A vitória governista na maioria dos municípios venezuelanos após as eleições locais de domingo não foi suficiente para o presidente do país, Nicolás Maduro, dar uma trégua nas críticas a supostos opositores. Maduro propôs um boicote ao jornal El Nacional, um dos maiores da Venezuela. O presidente acusa a publicação de mentir sobre os resultados do pleito municipal. O alvo do desagrado de Maduro foi a capa do jornal, que, em sua cobertura sobre as eleições, afirmou que “a oposição avançou nas grandes cidades”. “A população da Venezuela deveria declarar um boicote ao El Nacional e não comprá-lo nunca mais… por castigo, castigo cidadão, por mentir”, criticou Maduro durante um ato público no estado de Miranda, que é governado por seu rival Henrique Capriles.
Mas, se para o chefe de Estado o jornal mentiu e deve ser castigado pelo povo, para o diretor e dono do diário, Miguel Henrique Otero, a manchete de segunda-feira (9/12) está baseada em “dados do Conselho Nacional Eleitoral que mostram que 51% dos eleitores votaram pela Mesa de Unidade Democrática (MUD) e outros candidatos, que não são chavistas”. “Os números do CNE confirmam que 49% dos eleitores optaram por candidatos do Partido Socialista Unido da Venezuela (PUSV) e seus aliados. Mas temos 51% que preferiram candidatos opositores, muitos dos quais são chavistas dissidentes que não estão de acordo com Maduro”, explicou Otero, em entrevista ao Globo.
Otero e os editores do El Nacional somaram o percentual obtido pela MUD com o alcançado por outros candidatos opositores e assim chegaram a um 51% de votos anti-Maduro. “A declaração do presidente tem mais a ver com sua frustração do que com qualquer outra coisa”, enfatizou Otero, que acredita que a MUD assumiu uma atitude derrotista. “Mais da metade dos eleitores votaram por candidatos que não são do governo e isso enlouquece Maduro”, afirmou o diretor do diário.

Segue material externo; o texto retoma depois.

(* Let $(R_j)_{j=1}^\infty$ be a sequence of positive reals with $\inf_{j\ge1}R_j>0$, and for each $d$ let ${\bf R}=(R_1,\dots,R_d)$. Let $\alpha,\beta>0$. Then each of the approximation problems $\{I_d: W_2^{\bf R}(\mathbb T^d)\to L_2(\mathbb T^d)\}_{d\in\mathbb N_+}$ and $\{I_d: W_2^{\infty}(\mathbb T^d)\to L_2(\mathbb T^d)\}_{d\in\mathbb N_+}$ is $(\alpha,\beta)$-weakly tractable if and only if ($\alpha>2$ and $\beta>0$) or ($\alpha>0$ and $\beta>1$). In particular, both problems are intractable (not weakly tractable).
   Context: $W_2^{\bf R}(\mathbb T^d)$: Hilbert space of $f\in L_2(\mathbb T^d)$ (normalized measure) with norm $\big(\sum_{{\bf k}\in\mathbb Z^d}(1+\sum_{j=1}^d|k_j|^{2R_j})|\hat f({\bf k})|^2\big)^{1/2}$. $W_2^\infty(\mathbb T^d)$: trigonometric polynomials $\sum_{{\bf k}\in\{-1,0,1\}^d}\hat f({\bf k})e^{i{\bf k}\cdot{\bf x}}$ with norm $\big(\sum_{{\bf k}\in\{-1,0,1\}^d}(1+\sum_j|k_j|)|\hat f({\bf k})|^2\big)^{1/2}$ (the space $\bigwedge_{{\bf m}\in\mathbb N_+^d}W_2^{\bf m}(\mathbb T^d)$ with sup norm). For the identity embedding $I_d:H_d\to L_2(\mathbb T^d)$ (which has norm 1), the $n$th minimal worst-case error is $e(n,d)=a_{n+1}(I_d)$, where $a_n(T)=\inf\{\|T-A\|:\operatorname{rank}A<n\}$, and the information complexity is $n(\varepsilon,d)=\min\{n\in\mathbb N: e(n,d)\le\varepsilon\}$ for $\varepsilon\in(0,1)$. The problem is $(\alpha,\beta)$-weakly tractable if $\lim_{\varepsilon^{-1}+d\to\infty}\frac{\ln n(\varepsilon,d)}{\varepsilon^{-\alpha}+d^\beta}=0$; weakly tractable means $(1,1)$-weakly tractable, and intractable means not weakly tractable. *)

From Stdlib Require Import Reals ZArith List.
Import ListNotations.
Open Scope R_scope.

(* Complex numbers as pairs (Re, Im). *)
Definition Cx : Type := (R * R)%type.
Definition C0 : Cx := (0, 0).
Definition cadd (a b : Cx) : Cx := (fst a + fst b, snd a + snd b).
Definition cmul (a b : Cx) : Cx :=
  (fst a * fst b - snd a * snd b, fst a * snd b + snd a * fst b).
Definition cneg (a : Cx) : Cx := (- fst a, - snd a).
Definition cn2 (z : Cx) : R := fst z * fst z + snd z * snd z.

(* A function on T^d is represented by its Fourier coefficients, indexed by
   k in Z^d, encoded as lists of integers of length d. *)
Definition Seq : Type := list Z -> Cx.
Definition idx (d : nat) (k : list Z) : Prop := length k = d.

Definition sadd (f g : Seq) : Seq := fun k => cadd (f k) (g k).
Definition ssub (f g : Seq) : Seq := fun k => cadd (f k) (cneg (g k)).
Definition sscal (a : Cx) (f : Seq) : Seq := fun k => cmul a (f k).
Fixpoint lincomb (cs : list Cx) (gs : list Seq) : Seq :=
  match cs, gs with
  | a :: cs', g :: gs' => sadd (sscal a g) (lincomb cs' gs')
  | _, _ => fun _ => C0
  end.

Fixpoint lsum (f : list Z -> R) (s : list (list Z)) : R :=
  match s with nil => 0 | k :: s' => f k + lsum f s' end.

(* sq_le w d c M  <->  sum_{k in Z^d} w(k) |c(k)|^2 <= M  (supremum of finite
   partial sums, all terms being nonnegative). *)
Definition sq_le (w : list Z -> R) (d : nat) (c : Seq) (M : R) : Prop :=
  forall s : list (list Z), NoDup s -> (forall k, In k s -> idx d k) ->
    lsum (fun k => w k * cn2 (c k)) s <= M.

(* Membership in the weighted Hilbert space with weight w and frequency
   support S (coefficients vanish outside S and outside Z^d). *)
Definition inH (w : list Z -> R) (S : list Z -> Prop) (d : nat) (c : Seq) : Prop :=
  (forall k, ~ (idx d k /\ S k) -> c k = C0) /\ exists M, sq_le w d c M.

Definition one : list Z -> R := fun _ => 1.
(* L_2(T^d) (normalized measure), via Parseval. *)
Definition inL2 (d : nat) (g : Seq) : Prop := inH one (fun _ => True) d g.

(* a_{n+1}(I_d : H_d -> L_2) <= eps, i.e. e(n,d) <= eps:
   for every delta > 0 there is a linear A : H_d -> L_2 with rank <= n
   (range inside the span of n elements of L_2) and ||I_d - A|| <= eps + delta. *)
Definition e_le (w : list Z -> R) (S : list Z -> Prop) (d n : nat) (eps : R) : Prop :=
  forall delta, 0 < delta ->
  exists (A : Seq -> Seq) (gs : list Seq),
    length gs = n /\
    (forall g, In g gs -> inL2 d g) /\
    (forall f g, inH w S d f -> inH w S d g -> A (sadd f g) = sadd (A f) (A g)) /\
    (forall a f, inH w S d f -> A (sscal a f) = sscal a (A f)) /\
    (forall f, inH w S d f -> exists cs, length cs = n /\ A f = lincomb cs gs) /\
    (forall f M, inH w S d f -> sq_le w d f M ->
       sq_le one d (ssub f (A f)) ((eps + delta) ^ 2 * M)).

Definition IsInfoComp (w : list Z -> R) (S : list Z -> Prop) (d : nat) (eps : R) (n : nat) : Prop :=
  e_le w S d n eps /\ forall m, (m < n)%nat -> ~ e_le w S d m eps.

(* (alpha,beta)-weak tractability: n(eps,d) is finite, and
   ln n(eps,d) / (eps^-alpha + d^beta) -> 0 as eps^-1 + d -> infinity,
   eps in (0,1), d in N_+. *)
Definition WT (w : list Z -> R) (S : list Z -> Prop) (alpha beta : R) : Prop :=
  (forall eps d, 0 < eps < 1 -> (1 <= d)%nat -> exists n, IsInfoComp w S d eps n) /\
  forall eta, 0 < eta -> exists M, forall eps d n,
    0 < eps < 1 -> (1 <= d)%nat -> / eps + INR d > M -> IsInfoComp w S d eps n ->
    Rabs (ln (INR n) / (Rpower (/ eps) alpha + Rpower (INR d) beta)) <= eta.

(* |z|^(2r), with 0^(2r) = 0 (r > 0). *)
Definition pw (z : Z) (r : R) : R :=
  if Z.eqb z 0 then 0 else Rpower (IZR (Z.abs z)) (2 * r).

Fixpoint wsumR (Rs : nat -> R) (j : nat) (k : list Z) : R :=
  match k with nil => 0 | z :: k' => pw z (Rs j) + wsumR Rs (S j) k' end.

(* W_2^R(T^d): weight 1 + sum_{j=1}^d |k_j|^{2R_j}, all frequencies. *)
Definition wR (Rs : nat -> R) (k : list Z) : R := 1 + wsumR Rs 1 k.
Definition SR : list Z -> Prop := fun _ => True.

(* W_2^infty(T^d): frequencies in {-1,0,1}^d, weight 1 + sum_j |k_j|. *)
Fixpoint abssum (k : list Z) : R :=
  match k with nil => 0 | z :: k' => IZR (Z.abs z) + abssum k' end.
Definition wInf (k : list Z) : R := 1 + abssum k.
Definition SInf (k : list Z) : Prop := Forall (fun z => (-1 <= z <= 1)%Z) k.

Os chavistas conquistaram o maior número de prefeituras – 196 – e de votos – cerca de 49%. A oposição arrebatou o comando de apenas 53 cidades, mas, entre elas, estão os principais centros urbanos, de maior peso político no país, como Caracas, Maracaibo, Valencia e Barquisimeto.
Ataques à imprensa
Esta não é a primeira vez que o presidente ataca o jornal, um dos poucos meios de comunicação que o Palácio Miraflores ainda não conseguiu silenciar. Desde abril passado, o El Nacional não consegue autorização do governo para importar papel de jornal e seu estoque, segundo Otero, não chegaria a março de 2014.
Em julho, o diretor do El Nacional teve suas contas bancárias pessoais congeladas por solicitação da Procuradoria Geral, que o investiga por um processo movido por um ex-prefeito. Um mês depois, um tribunal multou a publicação, além do jornal Tal Cual, por terem difundido, em 2010, uma fotografia polêmica que mostra corpos empilhados no Instituto Médico Legal de Caracas. Os meios também foram proibidos de publicar imagens de conteúdo violento, armas, agressões físicas e cadáveres. “Não é a primeira vez que somos atacados, não vamos modificar nossa posição. Continuaremos apelando das decisões da Justiça e esperando que nos autorizem a compra de papel”, disse Otero.
Maduro tem realizado várias ofensivas contra os meios de comunicação. Nos últimos meses, criou um órgão estatal para fiscalizar a imprensa e incentivou a punição de publicações e jornalistas que atentassem contra a segurança nacional – sem estabelecer os critérios para essas sanções.
Nos primeiros meses do governo, o canal Globovisión foi vendido a empresários locais, e o grupo de jornais da Cadena Capriles foi repassado à corporação inglesa Latam Media Group. Durante esse tempo, aumentaram os questionamentos, ameaças e processos contra os meios de comunicação, especialmente contra os poucos independentes que restam na Venezuela (com agências internacionais).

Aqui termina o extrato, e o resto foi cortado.